Kamen was very badly injured. The bobcat had her in its claws and was fishing her through the cage. When we arrived all we saw were feathers, lots of them. Her poor body was a dark pile, limp. I was actually dismayed to pick her up and find her still breathing... I did not want to have her linger, suffer. It was almost midnight, Alex shone a light on her, and he looked away. I wanted to look away, too. Under her wing there was no skin, a tennis ball size membrane was inflated from a puncture wound. It was bloody, translucent. She struggled, to get away, to breath.

I should have snapped her neck. Swiftly. Mercifully. I asked Geoff to bring me a sharp knife. I was determined to be a good farmer. But she got away from me. She ran across the yard, hunkered down between the fence and the food bin. And I lost my resolve. I felt like a terrible farmer, because I was not being merciful.

I brought her inside, wrapped in a towel, and held her for two hours. In that time the bobcat returned; even with Geoff and William and Max and Alex armed and patrolling. Even when it ran off, they could hear it in the alley shrubs. Fearless predator. Our other chicas were traumatized and ruffled. Geoff held Kamen, while William and I transferred all the chickens into the garage. We double secured Sanka-bunny, who was deep down in her rabbit warren.

I settled Kamen in the garage too, and felt ashamed. I expected to bury her in the morning.


Seven nights have passed, and here is Kamen, this morning. I call her Robot Chicken. Yes, she is alive. I tell Geoff, watching all those episodes of Grey's Anatomy have really paid off. He reminds me, Kamen is a chicken. And I say, well, maybe it was experience I gained from watching Food Network, which is kind of sick humor, but sick humor is a specialty of mine.


Every night I tucked her in, near the space heater, and said good-night. Every morning I expected I would be burying her. Sometimes being too optimistic feels foolish, naive. Her neck was torn, she had claw marks all over.
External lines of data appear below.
(* Write k = K + 2 and c = (1 - alpha)^(-1/(k-1)), so that c^(k-1) = 1/(1 - alpha)
   and every z in Delta has (e^T z)^(k-1) <= 1/(1 - alpha).  Summing the defining
   equation over i shows e^T y >= 1 for every solution.  On nonnegative vectors of
   mass at least 1, the map z |-> (e^T z)^(k-2) z is expanding up to the factor
   (2k-3)/(k-1), i.e.
     ||b - a||_1 <= (2k-3)/(k-1) ||(e^T b)^(k-2) b - (e^T a)^(k-2) a||_1.
   Subtracting the two equations, this difference equals
   dv + alpha (dP yp^(k-1) + (P yp^(k-1) - P y^(k-1))).  The first tensor term is
   at most ||R(dP)||_1 c^(k-1); telescoping the products y_(i_2) ... y_(i_k) bounds
   the second by (k-1) c^(k-2) ||dy||_1.  The resulting term varsigma ||dy||_1 is
   absorbed into the left-hand side. *)

Lemma eq_base_digits (n K l1 l2 : nat) : (l1 < n ^ K)%N -> (l2 < n ^ K)%N ->
  (forall m, (m < K)%N -> (l1 %/ n ^ m %% n = l2 %/ n ^ m %% n)%N) -> l1 = l2.
Proof.
case: n => [|n].
  by case: K => [|K]; [rewrite expn0; case: l1; case: l2 | rewrite exp0n].
elim: K l1 l2 => [|K IH] l1 l2; first by rewrite expn0; case: l1; case: l2.
move=> lt1 lt2 digits_eq.
rewrite (divn_eq l1 n.+1) (divn_eq l2 n.+1).
have := digits_eq 0%N (ltn0Sn K); rewrite expn0 !divn1 => ->.
congr (_ * _ + _); apply: IH; rewrite ?ltn_divLR -?expnSr //.
by move=> m lt_mK; have := digits_eq m.+1 lt_mK; rewrite expnS !divnMA.
Qed.

Lemma unfold_idx_inj (k n : nat) : injective (@unfold_idx k n).
Proof.
move=> l1 l2 eq_idx; apply: val_inj.
apply: (@eq_base_digits n k.-1) => [||m lt_mk]; rewrite ?ltn_ord //.
have := congr1 (fun f : {ffun 'I_k.-1 -> 'I_n} => val (f (Ordinal lt_mk))) eq_idx.
by rewrite !ffunE.
Qed.

Lemma unfold_idx_surj (k n : nat) (f : {ffun 'I_k.-1 -> 'I_n}) :
  exists l, f = unfold_idx l.
Proof.
have := @inj_card_onto _ _ _ (@unfold_idx_inj k n).
rewrite card_ffun !card_ord => /(_ (leqnn _) f) /codomP [l ->].
by exists l.
Qed.

Lemma mx_norm1_ge0 (R : realDomainType) (m p : nat) (A : 'M[R]_(m, p)) :
  0 <= mx_norm1 A.
Proof. exact: bigmax_ge_id. Qed.

Lemma colsum_le_mx_norm1 (R : realDomainType) (k n : nat) (P : tensor R k n) f :
  \sum_i `|P i f| <= mx_norm1 (unfold1 P).
Proof.
have [l ->] := unfold_idx_surj f.
have -> : \sum_i `|P i (unfold_idx l)| = \sum_i `|unfold1 P i l|.
  by apply: eq_bigr => i _; rewrite mxE.
exact: (le_bigmax 0 (fun l => \sum_i `|unfold1 P i l|) l).
Qed.

Lemma prodrB_telescope_nat (R : comNzRingType) (K : nat) (x y : nat -> R) :
  \prod_(i < K) x i - \prod_(i < K) y i =
  \sum_(m < K) \prod_(i < K)
     (if (i < m)%N then x i else if i == m :> nat then x i - y i else y i).
Proof.
elim: K => [|K IH]; first by rewrite !big_ord0 subrr.
rewrite !big_ord_recr /= ltnn eqxx.
have -> : \sum_(m < K) \prod_(i < K.+1)
    (if (i < m)%N then x i else if i == m :> nat then x i - y i else y i)
  = (\prod_(i < K) x i - \prod_(i < K) y i) * y K.
  rewrite IH mulr_suml; apply: eq_bigr => m _.
  by rewrite big_ord_recr /= ltnNge (ltnW (ltn_ord m)) (gtn_eqF (ltn_ord m)).
under [X in _ = _ + X * _]eq_bigr do rewrite ltn_ord.
ring.
Qed.

Lemma prodrB_telescope (R : comNzRingType) (K : nat) (x y : 'I_K -> R) :
  \prod_i x i - \prod_i y i =
  \sum_(m : 'I_K) \prod_(i : 'I_K)
     (if (i < m)%N then x i else if i == m then x i - y i else y i).
Proof.
case: K x y => [|K] x y; first by rewrite !big_ord0 subrr.
have := prodrB_telescope_nat K.+1 (fun i => x (inord i)) (fun i => y (inord i)).
have prod_inord (z : 'I_K.+1 -> R) : \prod_(i < K.+1) z (inord i) = \prod_i z i.
  by apply: eq_bigr => i _; rewrite inord_val.
rewrite !prod_inord => ->; apply: eq_bigr => m _; apply: eq_bigr => i _.
by rewrite inord_val.
Qed.

Lemma sum_ffun_prod (R : comNzSemiRingType) (K n : nat) (z : 'I_n -> R) :
  \sum_(f : {ffun 'I_K -> 'I_n}) \prod_m z (f m) = (\sum_i z i) ^+ K.
Proof. by rewrite -(bigA_distr_bigA (fun _ : 'I_K => z)) prodr_const card_ord. Qed.

Lemma sum_ffun_prodrB_le (R : realDomainType) (K n : nat) (a b : 'I_n -> R) (c : R) :
  (forall i, 0 <= a i) -> (forall i, 0 <= b i) ->
  \sum_i a i <= c -> \sum_i b i <= c ->
  \sum_(f : {ffun 'I_K.+1 -> 'I_n}) `|\prod_m a (f m) - \prod_m b (f m)|
    <= K.+1%:R * c ^+ K * \sum_i `|a i - b i|.
Proof.
move=> a_ge0 b_ge0 sum_a sum_b.
pose H (m i : 'I_K.+1) (j : 'I_n) :=
  if (i < m)%N then a j else if i == m then `|a j - b j| else b j.
have H_ge0 m i j : 0 <= H m i j by rewrite /H; case: ifP => _ //; case: ifP.
have telescope (f : {ffun 'I_K.+1 -> 'I_n}) :
    `|\prod_m a (f m) - \prod_m b (f m)| <= \sum_m \prod_i H m i (f i).
  rewrite prodrB_telescope; apply: (le_trans (ler_norm_sum _ _ _)).
  apply: ler_sum => m _; rewrite normr_prod; apply: ler_prod => i _.
  rewrite normr_ge0 /= /H; case: ifP => _; first by rewrite ger0_norm.
  by case: ifP => _ //; rewrite ger0_norm.
have sum_H m : \sum_(f : {ffun 'I_K.+1 -> 'I_n}) \prod_i H m i (f i)
    <= c ^+ K * \sum_j `|a j - b j|.
  rewrite -(bigA_distr_bigA (H m)) (bigD1 m) //= mulrC /H ltnn eqxx.
  apply: ler_wpM2r; first exact: sumr_ge0.
  apply: (@le_trans _ _ (\prod_(i | i != m) c)); last first.
    by rewrite prodr_const cardC1 card_ord.
  apply: ler_prod => i ne_im; rewrite (sumr_ge0 _ (fun j _ => H_ge0 m i j)) /=.
  case: (i < m)%N => //.
  by rewrite (negbTE ne_im).
apply: (@le_trans _ _ (\sum_(f : {ffun 'I_K.+1 -> 'I_n}) \sum_m \prod_i H m i (f i))).
  by apply: ler_sum => f _; apply: telescope.
have -> : K.+1%:R * c ^+ K * \sum_i `|a i - b i| =
          \sum_(m : 'I_K.+1) c ^+ K * \sum_i `|a i - b i|.
  by rewrite sumr_const card_ord -mulrA mulr_natl.
by rewrite exchange_big; apply: ler_sum.
Qed.

Lemma tapply_ge0 (R : numDomainType) (k n : nat) (P : tensor R k n) z i :
  (forall i j, 0 <= P i j) -> (forall i, 0 <= z i) -> 0 <= tapply P z i.
Proof.
move=> P_ge0 z_ge0; apply: sumr_ge0 => f _.
by apply: mulr_ge0 => //; apply: prodr_ge0.
Qed.

Lemma tapply_tadd (R : numDomainType) (k n : nat) (P Q : tensor R k n) z i :
  tapply (tadd P Q) z i = tapply P z i + tapply Q z i.
Proof. by rewrite /tapply -big_split; apply: eq_bigr => f _; rewrite mulrDl. Qed.

Lemma norm1_tapply_le (R : realDomainType) (k n : nat) (P : tensor R k n) z :
  (forall i, 0 <= z i) ->
  norm1 (tapply P z) <= mx_norm1 (unfold1 P) * (\sum_i z i) ^+ k.-1.
Proof.
move=> z_ge0; have prod_ge0 (f : {ffun 'I_k.-1 -> 'I_n}) : 0 <= \prod_m z (f m).
  exact: prodr_ge0.
apply: (@le_trans _ _ (\sum_i \sum_f `|P i f| * \prod_m z (f m))).
  apply: ler_sum => i _; apply: (le_trans (ler_norm_sum _ _ _)).
  by apply: ler_sum => f _; rewrite normrM [X in _ * X]ger0_norm.
rewrite exchange_big -sum_ffun_prod mulr_sumr; apply: ler_sum => f _.
by rewrite -mulr_suml ler_wpM2r // colsum_le_mx_norm1.
Qed.

Lemma norm1_tapply_sub_le (R : realDomainType) (K n : nat) (P : tensor R K.+2 n)
    (a b : 'I_n -> R) (c : R) :
  col_substochastic P -> (forall i, 0 <= a i) -> (forall i, 0 <= b i) ->
  \sum_i a i <= c -> \sum_i b i <= c ->
  norm1 (fun i => tapply P a i - tapply P b i) <=
  K.+1%:R * c ^+ K * norm1 (fun i => a i - b i).
Proof.
move=> [P_ge0 P_colsum] a_ge0 b_ge0 sum_a sum_b.
apply: (le_trans _ (sum_ffun_prodrB_le K a_ge0 b_ge0 sum_a sum_b)).
apply: (@le_trans _ _
  (\sum_i \sum_f P i f * `|\prod_m a (f m) - \prod_m b (f m)|)).
  apply: ler_sum => i _; rewrite /tapply -sumrB.
  apply: (le_trans (ler_norm_sum _ _ _)); apply: ler_sum => f _.
  by rewrite -mulrBr normrM ger0_norm.
rewrite exchange_big; apply: ler_sum => f _.
by rewrite -mulr_suml ler_piMl ?P_colsum.
Qed.

Lemma mul_subrX_le (R : realDomainType) (j : nat) (m M : R) : 0 <= m -> m <= M ->
  m * (M ^+ j - m ^+ j) <= j%:R * M ^+ j * (M - m).
Proof.
move=> m_ge0 le_mM; have M_ge0 : 0 <= M := le_trans m_ge0 le_mM.
rewrite subrXX mulrCA mulrC ler_wpM2r ?subr_ge0 //.
have -> : j%:R * M ^+ j = \sum_(i < j) M ^+ j by rewrite sumr_const card_ord mulr_natl.
rewrite mulr_sumr; apply: ler_sum => i _; rewrite mulrCA -exprS.
have -> : M ^+ j = M ^+ (j.-1 - i) * M ^+ i.+1.
  by rewrite -exprD; congr (_ ^+ _); have := ltn_ord i; lia.
by rewrite ler_wpM2l ?exprn_ge0 // lerXn2r ?nnegrE.
Qed.

Lemma subrXS_ge (R : realDomainType) (j : nat) (m M : R) : 1 <= m -> m <= M ->
  j.+1%:R * (M - m) <= M ^+ j.+1 - m ^+ j.+1.
Proof.
move=> m_ge1 le_mM; rewrite subrXX mulrC ler_wpM2l ?subr_ge0 //.
have -> : j.+1%:R = \sum_(i < j.+1) (1 : R) by rewrite sumr_const card_ord.
by apply: ler_sum => i _; apply: mulr_ege1; apply: exprn_ege1; rewrite // (le_trans m_ge1).
Qed.

Lemma homog_gap_le (R : realFieldType) (j : nat) (m M : R) : 1 <= m -> m <= M ->
  m * (M ^+ j - m ^+ j) / M ^+ j <= j%:R / j.+1%:R * (M ^+ j.+1 - m ^+ j.+1).
Proof.
move=> m_ge1 le_mM; have Mj_gt0 : 0 < M ^+ j.
  by apply: exprn_gt0; apply: lt_le_trans le_mM; apply: lt_le_trans m_ge1.
rewrite ler_pdivrMr //; apply: (le_trans (mul_subrX_le _ _ le_mM)).
  exact: le_trans ler01 m_ge1.
have -> : j%:R * M ^+ j * (M - m) = j%:R / j.+1%:R * (j.+1%:R * (M - m)) * M ^+ j.
  by field; rewrite nat1r pnatr_eq0.
apply: ler_wpM2r; first exact: ltW.
by apply: ler_wpM2l; [apply: divr_ge0 | apply: subrXS_ge].
Qed.

Lemma norm1_subC (R : numDomainType) (n : nat) (a b : 'I_n -> R) :
  norm1 (fun i => a i - b i) = norm1 (fun i => b i - a i).
Proof. by apply: eq_bigr => i _; rewrite distrC. Qed.

Lemma norm1_sub_le_homog (R : realFieldType) (n j : nat) (a b : 'I_n -> R) :
  (forall i, 0 <= a i) -> (forall i, 0 <= b i) ->
  1 <= \sum_i a i -> 1 <= \sum_i b i ->
  norm1 (fun i => b i - a i) <=
    (1 + j%:R / j.+1%:R) *
    norm1 (fun i => (\sum_l b l) ^+ j * b i - (\sum_l a l) ^+ j * a i).
Proof.
wlog le_ab : a b / \sum_i a i <= \sum_i b i.
  move=> wlog a_ge0 b_ge0 sa_ge1 sb_ge1.
  have [le_ab|/ltW le_ba] := leP (\sum_i a i) (\sum_i b i); first exact: wlog.
  by rewrite norm1_subC [X in _ <= _ * X]norm1_subC; apply: wlog.
move=> a_ge0 b_ge0 sa_ge1 _.
set sa := \sum_i a i in le_ab sa_ge1 *; set sb := \sum_i b i in le_ab *.
pose u i := sb ^+ j * b i - sa ^+ j * a i.
pose D := (sb ^+ j - sa ^+ j) / sb ^+ j.
have sbj_ge1 : 1 <= sb ^+ j by apply: exprn_ege1; apply: le_trans le_ab.
have sbj_gt0 : 0 < sb ^+ j := lt_le_trans ltr01 sbj_ge1.
have D_ge0 : 0 <= D.
  apply: divr_ge0; last exact: ltW.
  by rewrite subr_ge0 lerXn2r // nnegrE (le_trans ler01) // (le_trans sa_ge1).
have pointwise i : `|b i - a i| <= `|u i| + a i * D.
  have -> : b i - a i = u i / sb ^+ j - a i * D by rewrite /u /D; field; rewrite gt_eqF.
  apply: (le_trans (ler_normB _ _)); rewrite (ger0_norm (mulr_ge0 (a_ge0 i) D_ge0)).
  by rewrite lerD2r normrM normfV (gtr0_norm sbj_gt0) ler_pdivrMr // ler_peMr.
have sum_u : \sum_i u i = sb ^+ j.+1 - sa ^+ j.+1.
  by rewrite /u sumrB -!mulr_sumr !exprSr.
have gap : sa * D <= j%:R / j.+1%:R * norm1 u.
  rewrite mulrA; apply: (le_trans (homog_gap_le j sa_ge1 le_ab)); rewrite -sum_u.
  by rewrite ler_wpM2l ?divr_ge0 // (le_trans (ler_norm _) (ler_norm_sum _ _ _)).
apply: (le_trans (ler_sum _ (fun i _ => pointwise i))).
rewrite big_split /= -mulr_suml mulrDl mul1r lerD2l.
exact: gap.
Qed.
Lemma tail_ker_bounded_onto m : (m <= n)%N ->
  exists K, 0 <= K /\ bounded_onto ip T (tail_ker m) K.
Proof.
elim: m => [_|m IH mn].
  have [s Ks] := ker_fin.
  apply: (finite_dim_bounded_onto (s := s) ipP
    (closed_subspace_subspace (tail_ker_closed 0))).
  - by move=> x K0x; have [c ->] := Ks x (fun i => K0x i isT); exists (fun k => c k).
  - by move=> x K0x i _; apply/Tker/K0x.
  - by move=> x K0x; apply: Tinj => i; apply: K0x.
have [K [K0 onto]] := IH (ltnW mn).
have [B [B0 TB]] := bounded_nsq ipP Tbounded.
pose i := Ordinal mn.
exists (2 * K); split; first by rewrite mulr_ge0.
apply: (bounded_onto_lift Hhilbert (Viso i) (Vadj i) (Vpure i) B0 TB (tau1 i)
  (TV i) (tail_ker_closed m.+1) (@tail_ker_iso _ i (ltnSn m))
  (@tail_ker_adj _ i (ltnSn m)) K0).
by rewrite (@tail_kerS m i erefl).
Qed.

End DoublyNoncommuting.

Theorem lemma3p11 (R : realType) (H : lmodType R[i]) (ip : H -> H -> R[i])
    (n : nat) (z : 'I_n -> 'I_n -> R[i]) (V Vs : 'I_n -> {linear H -> H})
    (T : {linear H -> H}) (tau : 'I_n -> R[i]) :
  (0 < n)%N ->
  hilbert_space ip ->
  doubly_noncommuting ip z (fun i => V i : H -> H) (fun i => Vs i : H -> H) ->
  (forall i, pure_isometry ip (V i)) ->
  finite_dimensional (fun x => forall i, Vs i x = 0) ->
  bounded ip T ->
  (forall i, `|tau i| = 1) ->
  (forall i x, T (V i x) = tau i *: V i (T x)) ->
  (forall i x, Vs i x = 0 -> Vs i (T x) = 0) ->
  (forall x, (forall i, Vs i x = 0) -> T x = 0 -> x = 0) ->
  forall y : H, exists x : H, T x = y.
Proof.
move=> _ Hhilbert [z1 _ Viso Vadj Vcomm] Vpure ker_fin Tbounded tau1 TV Tker Tinj y.
have [K [_ onto]] := tail_ker_bounded_onto Hhilbert.1 z1 Viso Vadj Vcomm Hhilbert
  Vpure Tbounded tau1 TV Tker Tinj ker_fin (leqnn n).
have [|x [_ Tx _]] := onto y; last by exists x.
by move=> i; rewrite leqNgt ltn_ord.
Qed.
The injury beneath her wing is still quite gnarly. She is missing a lot of feathers, and her weight has plummeted.

But... as long as she seemed willing to try, I was too, so I went into the Internet in search of remedies. I am sorry... I read too many pages and articles to site all of my sources, but this is what I did:

1. five regular aspirin crushed and added to a gallon of water... Geoff worried about the blood thinning properties of aspirin, but the article said this solution would give her pain relief, and she did not seem to be actively bleeding, which is weird. Her chest puncture went clear through her chest cavity.

2. Pedialyte... someone mentioned a pet specific electrolyte drink, but I could not find it and had no time to visit every pet/feed store in the county.

I filled a bowl with equal parts aspirin water and plain Pedialyte.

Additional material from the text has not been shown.